What is the rationale? One suspects that this is another way that the Republican majority is reaching out to its Christian conservative base. Many Christian churches expect their members to tithe--to give one-tenth of their income to the church. Although many members fail that mark, they do give weekly, monthly or annually. So one of the biggest beneficiaries of the additional contribution deduction may be Christian churches that receive slightly larger contributions once members realize that they will get a bonus tax break.
Does that mean there is a constitutional problem here amounting to support for religion? The answer surely is no. Although the deduction may cater to one religious group, it is nondiscriminatory on its face and would pass constitutional muster.
Is this a tax break that is intended to help the people at the bottom of the wage scale who still find some small amount to contribute to help those needier than they? Interestingly, this provision will not be available to the widow who contributes her mite. There is a floor below which contributions will not be deductible. In other words, you have to have enough money to make contributions of at least $210 for singles, $410 for joint filers in order to utilize the special deduction. This may have been intended to limit the tax cost--many taxpayers who give only $100 or $150 a year would not be able to deduct their contributions. Perhaps the idea was that the deductible amount should be sufficient to function as a goal that would incentivize giving. It seems odd, however, that it should be set to benefit those who give more (and are likely better off) rather than those who give some, even if they are at the bottom of the income scale.
All in all, this is hard to justify. It appears to be just another tax break that attempts to let the government off the hook on providing safety nets by claiming that charitable institutions can fill the bill.
The Senate rules do at least add some anti-abuse measures to curb the spate of tax shelters that take advantage of the tax-exempt status of non-profit organizations to route taxable income to the organizations while ensuring that the actual cash comes to the tax shelter purchaser. Tax-exempt organizations will be subject to penalty for participating directly or indirectly in tax shelters. The use of donor-advised funds will also be restricted.

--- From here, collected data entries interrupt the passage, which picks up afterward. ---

Lemma eval_block_prefix (d0 : D) n j env a :
  encodes_qdnf A -> j + n = k -> size env = j -> agrees j env a ->
  eval_prefix k A (dnf_prefix k ex) (dnf_clauses k) (block_prefix ex j n) env <->
  qeval A (odd j (+) ex) (drop j (enum 'I_k)) a.
Proof.
move=> enc; have [sorted _] := proj1 encodes_qdnfE enc.
elim: n j env a => [|n IH] j env a jnk sz ag.
  rewrite addn0 in jnk; rewrite jnk in sz ag *.
  by rewrite drop_oversize ?size_enum_ord //; apply: eval_selection_prefix.
have lt_jk : j < k by rewrite -jnk addnS ltnS leq_addr.
rewrite block_prefixS (drop_enum_ord (Ordinal lt_jk)).
have IHS env' a' : size env' = j.+1 -> agrees j.+1 env' a' ->
    eval_prefix k A (dnf_prefix k ex) (dnf_clauses k) (block_prefix ex j.+1 n) env' <->
    qeval A (~~ (odd j (+) ex)) (drop j.+1 (enum 'I_k)) a'.
  by move=> sz' ag'; rewrite -addNb; apply: IH; rewrite ?addSnnS.
have szS r : size (rcons env r) = j.+1 by rewrite size_rcons sz.
have agS_rel (R : {set 1.-tuple D}) :=
  @agrees_rcons _ _ _ (Ordinal lt_jk) (rel_of k A R) [ffun x => rel_of k A R [:: x]]
    sorted (fun x => esym (ffunE _ x)) sz erefl ag.
have agS_fun (b : {ffun D -> bool}) :=
  @agrees_rcons _ _ _ (Ordinal lt_jk) _ b sorted (rel_of_set1 b) sz erefl ag.
rewrite /=; case: (odd j (+) ex) IHS => IHS; split.
- by case=> R /(IHS _ _ (szS _) (agS_rel R)); exists [ffun x => rel_of k A R [:: x]].
- by case=> b /(IHS _ _ (szS _) (agS_fun b)); exists [set t : 1.-tuple D | b (thead t)].
- by move=> all_R b; apply/(IHS _ _ (szS _) (agS_fun b)).
- by move=> all_b R; apply/(IHS _ _ (szS _) (agS_rel R)).
Qed.

End DnfSemantics.

Lemma dnf_krom_defines k ex : defines (dnf_krom k ex) (fun A => true_qdnf A ex).
Proof.
move=> A nonempty; pose d0 : 'I_(dsize A) := Ordinal nonempty.
have agrees0 : agrees 0 [::] (fun _ : 'I_(dsize A) => false) by [].
have eval_dnf enc := eval_block_prefix ex d0 enc (add0n k) (erefl : size [::] = 0) agrees0.
split=> [sat|[enc]]; last by rewrite -(drop0 (enum _)) => /(eval_dnf enc).
have [env /(dnf_matrix_sound d0)[sorted linked _]] := eval_prefix_matrix sat.
have enc : encodes_qdnf A by apply/encodes_qdnfE.
by split=> //; move/(eval_dnf enc): sat; rewrite drop0.
Qed.

(* The construction works for k = 0 as well. *)
Theorem proposition3p1 (k : nat) (hk : (1 <= k)%N) :
  (~~ odd k ->
     exists phi : krom_formula k,
       krom_class true k.+1 phi /\ defines phi (fun A => true_qdnf A true)) /\
  (odd k ->
     exists phi : krom_formula k,
       krom_class false k.+1 phi /\ defines phi (fun A => true_qdnf A false)).
Proof.
split=> par; [exists (dnf_krom k true) | exists (dnf_krom k false)];
  by split; [apply: dnf_krom_class; rewrite par | exact: dnf_krom_defines].
Qed.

In summary, the anti-abuse provisions make sense. It's high time that Congress acted to prohibit tax-exempt organizations from taking part in tax shelters where they soak up taxable income without having to bear the tax burden and get paid a juicy fee for their effort. But the new incentives for charitable giving do not make sense. They amount to a further drain on tax resources when deficits are already hitting the $300 billion mark annually.